Une des différences entre la côte Pacifique des États-Unis et le versant Atlantique, c’est qu’on y est beaucoup plus sensible à ce qui se passe en Extrême Orient. La guerre d’Irak semble plus lointaine aux habitants de San Francisco qu’elle ne l’est pour ceux de New York, tous les voyageurs le disent. Inversement, l’épidémie de pneumonie atypique est une réalité plus angoissante. Cela tient à l’importante minorité asiatique qui maintient des relations intenses avec son continent d’origine, aux multiples échanges commerciaux et touristiques.
San Francisco, Californie, 7.avr.03
La peur gagne du terrain. Les familles originaires d’Asie annulent les traditionnelles vacances au pays, les restaurants ont moins de clients. A Los Angeles, le reste de la population hésite à se rendre dans les quartiers chinois (où l’on ne trouve plus de masque de protection). On sait que les aéroports du sud-est asiatique ont déjà vu leur trafic chuter de plus de 65%.
A la fin de la semaine dernière, la Californie était l’État de l’Union dans lequel on trouvait le plus de cas d’infection de pneumonie atypique (severe acute respiratory syndrome ou SARS en anglais).
Le virus a déjà un impact économique considérable dans la mesure où il ralentit l’activité autour du Pacifique, la région la plus dynamique du monde. La Silicon Valley est particulièrement inquiète car elle attend depuis longtemps un redémarrage de l’économie qui se traduirait par une reprise des commandes informatiques. Or il se trouve qu’une grande partie des pièces et des appareils sont maintenant fabriqués dans la province de Guangdong, en Chine, sous la direction de cadres basés à Taiwan qui ne veulent plus voyager. Intel a déjà annulé deux conférences de plus de mille personnes dans ces deux endroits.
Curieusement, c’est une nouvelle science dont les technologies de l’information font grand cas, la science des réseaux, qui fournit les perspectives les plus intéressantes sur le développement d’une épidémie et la façon de lutter contre elle. Elle trouve même des points communs entre le SARS et des virus informatiques du type Melissa ou ‘I love you’.
Dans la conception épidémiologique traditionnelle, tout est question de vitesse de diffusion de la maladie et de seuil à partir duquel la population atteinte commence à croître rapidement. Pour la science des réseaux, l’essentiel est affaire de topologie c’est à dire de la distribution des nodes et des connexions sur le réseau. Les nodes, dans un tel cas, sont les personnes (ou les ordinateurs) infectées. La majorité des nodes n’a qu’un degré de connectivité relativement réduit (un faible nombre de connexions), mais un petit nombre d’entre eux ont un très grand nombre de liens avec d’autres. Appelés hubs (littéralement: moyeu) ils sont stratégiques dans la mesure où, s’ils sont atteints, ils contribuent de façon exponentielle à la diffusion de l’information ou du virus.
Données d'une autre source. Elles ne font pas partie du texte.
(* System 3 has exactly four fixed points, the double poles $p_{\varepsilon_1,\varepsilon_2}=((0,0,\varepsilon_11),(0,0,\varepsilon_21))$, $\varepsilon_1,\varepsilon_2\in\{+,-\}$. The fixed points $p_{+,+}$, $p_{+,-}$ and $p_{-,+}$ are non-degenerate of elliptic-elliptic type for all $t\in[0,1]$, while $p_{-,-}$ is non-degenerate of elliptic-elliptic type if $t<t^-$ or $t>t^+$, non-degenerate of focus-focus type if $t^-<t<t^+$, and degenerate if $t\in\{t^-,t^+\}$, where $$t^\pm=\frac{R_2}{2R_2+R_1\mp2\sqrt{R_1R_2}}.$$
   Context: Let $0<R_1<R_2$ and $t\in[0,1]$. On $M=S^2\times S^2$ with Cartesian coordinates $(x_i,y_i,z_i)$, $x_i^2+y_i^2+z_i^2=1$, and cylindrical coordinates $(\theta_i,z_i)$, $\theta_i=\arg(x_i+iy_i)$, System 3 is the $b$-integrable system with $Z=\{z_2=0\}$, $b$-symplectic form $\omega=R_1\,dz_1\wedge d\theta_1+R_2\frac{dz_2}{z_2}\wedge d\theta_2$ (in the local chart $(x_1,y_1,x_2,y_2)$ on $\{\varepsilon_1z_1>0,\varepsilon_2z_2>0\}$: $\omega=-\varepsilon_1\frac{R_1}{\sqrt{1-x_1^2-y_1^2}}dx_1\wedge dy_1-\frac{R_2}{1-x_2^2-y_2^2}dx_2\wedge dy_2$), and $L=R_1z_1+R_2\log|z_2|$, $H=(1-t)z_1+t(x_1x_2+y_1y_2+z_1z_2)$. A fixed point is a point where $dL=dH=0$. A fixed point $p$ with $\Omega$ the matrix of $\omega$ at $p$ is non-degenerate if $A_L=\Omega^{-1}d^2L(p)$, $A_H=\Omega^{-1}d^2H(p)$ span a Cartan subalgebra of $\mathfrak{sp}(4,\mathbb R)$; it is elliptic-elliptic if some combination $c_1A_L+c_2A_H$ has four distinct eigenvalues $\pm i\alpha,\pm i\beta$ ($\alpha\ne\beta$ nonzero reals) and focus-focus if such a combination has eigenvalues $\pm\alpha\pm i\beta$ with $\alpha,\beta$ nonzero reals. *)

From mathcomp Require Import all_boot all_order all_algebra.
From mathcomp Require Import all_classical all_reals all_analysis.
From mathcomp.real_closed Require Import complex.
Set Implicit Arguments. Unset Strict Implicit. Unset Printing Implicit Defensive.
Import Order.TTheory GRing.Theory Num.Theory.
Local Open Scope ring_scope.

Section System3.
Variable R : realType.

(* A point of R^6 is a row vector (x1, y1, z1, x2, y2, z2). *)
Definition co6 (p : 'rV[R]_6) (k : nat) : R := p ord0 (inord k).
Definition co4 (q : 'rV[R]_4) (k : nat) : R := q ord0 (inord k).

Definition mk6 (a b c d e f : R) : 'rV[R]_6 :=
  \row_(i < 6) nth 0 [:: a; b; c; d; e; f] i.

Definition onM (p : 'rV[R]_6) : Prop :=
  co6 p 0 ^+ 2 + co6 p 1 ^+ 2 + co6 p 2 ^+ 2 = 1 /\
  co6 p 3 ^+ 2 + co6 p 4 ^+ 2 + co6 p 5 ^+ 2 = 1.

Definition tangentM (p w : 'rV[R]_6) : Prop :=
  co6 w 0 * co6 p 0 + co6 w 1 * co6 p 1 + co6 w 2 * co6 p 2 = 0 /\
  co6 w 3 * co6 p 3 + co6 w 4 * co6 p 4 + co6 w 5 * co6 p 5 = 0.

Definition inZ (p : 'rV[R]_6) : Prop := co6 p 5 = 0.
Dans le cas du SARS, qui semble se transmettre par les gouttelettes microscopiques que l’on émet en respirant ou en toussant, les hubs sont « ceux qui par la nature de leur travail sont obligés d’être en contact (même bref) avec beaucoup de monde, « nous a expliqué par courriel le professeur Albert-Laszlo Barabasi, professeur de physique et l’un des chercheurs les plus reconnus en la matière. Cela vaut notamment pour les professionnels de la santé et les hôtesses de l’air.
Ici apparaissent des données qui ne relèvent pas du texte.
Lemma omega_concat_blocks (T : Type) (u : nat -> T) (f : nat -> nat) :
  f 0 = 0 -> (forall m, f m < f m.+1) -> omega_concat (blocks u f) u.
Proof.
move=> f0 f_lt.
have E m : cat_upto (blocks u f) m = mkseq u (f m).
  elim: m => [|m IH]; first by rewrite f0.
  by rewrite cat_uptoS IH /blocks /mkseq -map_cat -iotaD subnKC // ltnW.
have le_f m : m <= f m by elim: m => // m IH; apply: leq_ltn_trans IH (f_lt m).
split=> [m | N]; first by rewrite E size_mkseq.
by exists N; rewrite E size_mkseq.
Qed.

(** * Leftmost derivations and runs *)

Section Automaton.
Variables (Sigma Gamma : finType) (A : pda Sigma Gamma).
Local Notation n := (nst A).
Local Notation symb := (sym Sigma n Gamma).
Local Notation MF := (@Mfull _ _ A).
Local Notation prodX := (@prodX _ _ A).
Local Notation prodZ := (@prodZ _ _ A).
Local Notation lstep := (@lstep _ _ A).
Local Notation lderiv := (@lderiv _ _ A).

Lemma map_Ter_inj : injective (map (@Ter Sigma n Gamma)).
Proof. by apply: inj_map => x y []. Qed.

Lemma map_Ter_NT_inj u u' (x x' : xvar n Gamma) (g g' : seq symb) :
  map Ter u ++ NT x :: g = map Ter u' ++ NT x' :: g' -> [/\ u = u', x = x' & g = g'].
Proof.
elim: u u' => [|a u IH] [|a' u'] //= [].
- by move=> -> ->.
- by move=> -> /IH [-> -> ->].
Qed.

Lemma map_Ter_neq_NT w u (x : xvar n Gamma) (g : seq symb) :
  map Ter w <> map Ter u ++ NT x :: g.
Proof. by elim: u w => [|a u IH] [|c w] //= [_ /IH]. Qed.

Lemma chainX_cat (ms1 ms2 : seq 'I_n) (ps1 ps2 : seq Gamma) j :
  size ms1 = size ps1 ->
  chainX ms1 ps1 (head j ms2) ++ chainX ms2 ps2 j = chainX (ms1 ++ ms2) (ps1 ++ ps2) j.
Proof.
elim: ms1 ps1 => [|m ms1 IH] [|p ps1] //= [size_eq].
by rewrite IH //; case: ms1 {IH} size_eq.
Qed.

Lemma chainX_eq_nil (ms : seq 'I_n) (ps : seq Gamma) j :
  size ms = size ps -> chainX ms ps j = [::] -> ms = [::] /\ ps = [::].
Proof. by case: ms ps => [|m ms] [|p ps]. Qed.

Lemma lstep_prodX x delta : prodX x delta -> lstep [:: NT x] delta (firstc x).
Proof. by exists [::], x, [::], delta; rewrite cats0. Qed.

Lemma lstep_frame alpha beta r u g :
  lstep alpha beta r -> lstep (map Ter u ++ alpha ++ g) (map Ter u ++ beta ++ g) r.
Proof.
move=> [u' [x [gamma [delta [-> [prod_x [-> ->]]]]]]].
by exists (u ++ u'), x, (gamma ++ g), delta; rewrite map_cat -!catA.
Qed.

Lemma lderiv_frame alpha beta s u g :
  lderiv alpha beta s -> lderiv (map Ter u ++ alpha ++ g) (map Ter u ++ beta ++ g) s.
Proof.
elim=> [alpha' | ? ? ? r ? step _ IH]; first exact: lderiv_refl.
exact: lderiv_step (lstep_frame u g step) IH.
Qed.

Lemma lderiv_trans a b c s1 s2 :
  lderiv a b s1 -> lderiv b c s2 -> lderiv a c (s1 ++ s2).
Proof.
elim=> // a' b' c' r s step _ IH /IH der.
by rewrite -catA; apply: lderiv_step step der.
Qed.

Lemma lderiv_cat a b w1 w2 s1 s2 :
  lderiv a (map Ter w1) s1 -> lderiv b (map Ter w2) s2 ->
  lderiv (a ++ b) (map Ter (w1 ++ w2)) (s1 ++ s2).
Proof.
move=> /(lderiv_frame [::] b) der1 /(lderiv_frame w1 [::]) der2.
by rewrite map_cat; apply: lderiv_trans der1 _; rewrite !cats0 in der2.
Qed.

Lemma lderiv_terminal u beta s :
  lderiv (map Ter u) beta s -> beta = map Ter u /\ s = [::].
Proof.
move Eal: (map Ter u) => al der; case: der Eal => [? <- //| ? ? ? ? ? step _ Eal].
by case: step => [u' [x [g [d [E _]]]]]; rewrite E in Eal; case: (map_Ter_neq_NT Eal).
Qed.

Lemma lderiv_NT x w s : lderiv [:: NT x] (map Ter w) s ->
  exists delta s', [/\ prodX x delta, lderiv delta (map Ter w) s' & s = firstc x ++ s'].
Proof.
move Eal: [:: NT x] => al; move Ebe: (map Ter w) => be der.
case: der Eal Ebe => [? <- E | ? ? ? ? s' [u [x' [g [d [-> [prod_x' [-> ->]]]]]]] der].
  by case: (map_Ter_neq_NT (u := [::]) (g := [::]) E).
case: u der => [|? ? //] /= der [Ex Eg] Ew; subst.
by exists d, s'; rewrite cats0 in der.
Qed.

(* [s] lists the states that the run leaves, in the order in which a leftmost
   derivation records the first components of its triple variables. *)
Inductive run : 'I_n -> seq Gamma -> 'I_n -> seq Gamma -> seq Sigma -> seq 'I_n -> Prop :=
  | run0 i st : run i st i st [::] [::]
  | runS i st i1 st1 a j st2 v s :
      MF st st1 i i1 a -> run i1 st1 j st2 v s -> run i st j st2 (oword a ++ v) (i :: s).

Lemma Mfull_catr x y i j a R : MF x y i j a -> MF (x ++ R) (y ++ R) i j a.
Proof. by move=> [p [pi [pi' [-> [-> M]]]]]; exists p, pi, (pi' ++ R); rewrite catA. Qed.

Lemma run_catr i st j st' v s R :
  run i st j st' v s -> run i (st ++ R) j (st' ++ R) v s.
Proof.
elim=> [? ? | ? ? ? ? ? ? ? ? ? /(Mfull_catr R) step _ r]; first exact: run0.
exact: runS step r.
Qed.

Lemma run_nil_stack i j st' v s :
  run i [::] j st' v s -> [/\ i = j, st' = [::], v = [::] & s = [::]].
Proof.
move E: [::] => st r; case: r E => // ? ? ? ? ? ? ? ? ? [p [pi [pi' [Est _]]]].
by rewrite Est.
Qed.

Lemma run_pop i p k v s : run i [:: p] k [::] v s ->
  exists i1 pi a v' s',
    [/\ pM A p pi i i1 a, run i1 pi k [::] v' s', v = oword a ++ v' & s = i :: s'].
Proof.
move E: [:: p] => st; move E': [::] => st' r.
case: r E E' => [? ? <- //| ? ? i1 ? a ? ? v' s' [p' [pi [pi' [-> [-> M]]]]] r].
move=> [Ep Epi'] Est2; subst.
by exists i1, pi, a, v', s'; rewrite cats0 in r.
Qed.

Lemma run_split_stack x pi i j v s : run i (x ++ pi) j [::] v s ->
  exists k v1 v2 s1 s2,
    [/\ run i x k [::] v1 s1, run k pi j [::] v2 s2, v = v1 ++ v2 & s = s1 ++ s2].
Proof.
move E: (x ++ pi) => st; move E': [::] => st' r.
elim: r x E E' => [i0 st0 | i0 st0 i1 st1 a j0 st2 v0 s0 step r IH] [|p x] //= Est Est'.
- by subst; exists i0, [::], [::], [::], [::]; split; try exact: run0.
- by rewrite -Est' in Est.
- subst; exists i0, [::], (oword a ++ v0), [::], (i0 :: s0).
  by split; [apply: run0 | apply: runS step r |..].
- move: step => [p' [pi0 [pi' [Est0 [Est1 M]]]]].
  rewrite -Est in Est0; case: Est0 => Ep Epi'; subst p' pi' st1.
  have [k [v1 [v2 [s1 [s2 [r1 r2 -> ->]]]]]] := IH (pi0 ++ x) (esym (catA _ _ _)) Est'.
  exists k, (oword a ++ v1), v2, (i0 :: s1), s2; split; rewrite ?catA //.
  by apply: runS r1; exists p, pi0, x.
Qed.

Lemma lderiv_chain_run alpha beta s u ms ps j z w :
  lderiv alpha beta s -> size ms = size ps ->
  alpha = map Ter u ++ map NT (chainX ms ps j) ++ map Ter z -> beta = map Ter w ->
  exists v, w = u ++ v ++ z /\ run (head j ms) ps j [::] v s.
Proof.
move=> der; elim: der u ms ps => [al | al be ga r' s' step _ IH] u ms ps size_eq Eal Ebe.
  rewrite Eal in Ebe; case Ech: (chainX ms ps j) => [|x rest] in Ebe *.
    have [-> ->] := chainX_eq_nil size_eq Ech.
    rewrite -map_cat in Ebe; exists [::].
    by rewrite (map_Ter_inj Ebe); split; last apply: run0.
  by case: (map_Ter_neq_NT (esym Ebe)).
move: step => [u' [x [g [d [E [prod_x [Ebe' ->]]]]]]]; rewrite {al}Eal in E.
case: ms ps size_eq E => [|m1 ms] [|p1 ps] //= => [_ | [size_eq]] E.
  by rewrite -map_cat in E; case: (map_Ter_neq_NT E).
have [Eu Ex Eg] := map_Ter_NT_inj E; subst u' x g.
move: prod_x => [a [ms0 [ps0 [size_eq0 [M Ed]]]]].
have size_cat_eq : size (ms0 ++ ms) = size (ps0 ++ ps).
  by rewrite !size_cat size_eq0 size_eq.
have [|v [-> r]] := IH (u ++ oword a) _ _ size_cat_eq _ Ebe.
  by rewrite Ebe' Ed /oterm -chainX_cat // !map_cat -!catA.
exists (oword a ++ v); split; first by rewrite -!catA.
apply: runS r; exists p1, ps0, ps; split=> //.
by case: ms0 M {size_eq0 Ed size_cat_eq}.
Qed.

Lemma run_lderiv_chain i ps j v s : run i ps j [::] v s ->
  exists ms, [/\ size ms = size ps, head j ms = i &
                 lderiv (map NT (chainX ms ps j)) (map Ter v) s].
Proof.
have [N] := ubnP (size s); elim: N => // N IH in i ps j v s *.
case: ps => [|p pi] lt_sN r.
  have [-> _ -> ->] := run_nil_stack r.
  by exists [::]; split=> //; apply: lderiv_refl.
(* [k] is the state in which [p] is popped. *)
have [k [v1 [v2 [s1 [s2 [r1 r2 Ev Es]]]]]] := run_split_stack (x := [:: p]) r.
have [i1 [pi0 [a [v1' [s1' [M r1' Ev1 Es1]]]]]] := run_pop r1.
have lt_s1' : size s1' < N by move: lt_sN; rewrite Es Es1 size_cat /=; lia.
have lt_s2 : size s2 < N by move: lt_sN; rewrite Es Es1 size_cat /=; lia.
have [ms0 [size_ms0 head_ms0 der1]] := IH _ _ _ _ _ lt_s1' r1'.
have [ms2 [size_ms2 head_ms2 der2]] := IH _ _ _ _ _ lt_s2 r2.
exists (i :: ms2); split; [by rewrite /= size_ms2 | by [] |].
rewrite /= head_ms2 Ev Ev1 Es Es1 -cat1s -[NT _ :: _]cat1s; apply: lderiv_cat der2.
apply: (lderiv_step (r := [:: i])).
  by apply: (lstep_prodX (x := XT i p k)); exists a, ms0, pi0; rewrite head_ms0.
by have := lderiv_frame (oword a) [::] der1; rewrite !cats0 map_cat.
Qed.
Les gens s’inquiètent du fait qu’il n’y a pas encore de traitement pour cette maladie. La bonne nouvelle c’est que la période de contagion étant d’une dizaine de jours il suffit d’isoler les malades pendant deux semaines pour contenir l’épidémie. « Cela n’empêche pas qu’il faut faire très attention aux hubs, » explique Barabasi. « Ce n’est pas le traitement qui est important dans ce cas, mais l’isolement des hubs et des gens infectés qui s’y trouvent. » Cela s’applique même aux médecins qui peuvent rester chez eux comme certains le font en Asie, puisque « l’absence potentielle de ces professionnels de la santé n’est pas un problème puisqu’il n’y a pas de traitement,: estime-t-il. Rappelons que c’est le point de vue d’un professeur de physique.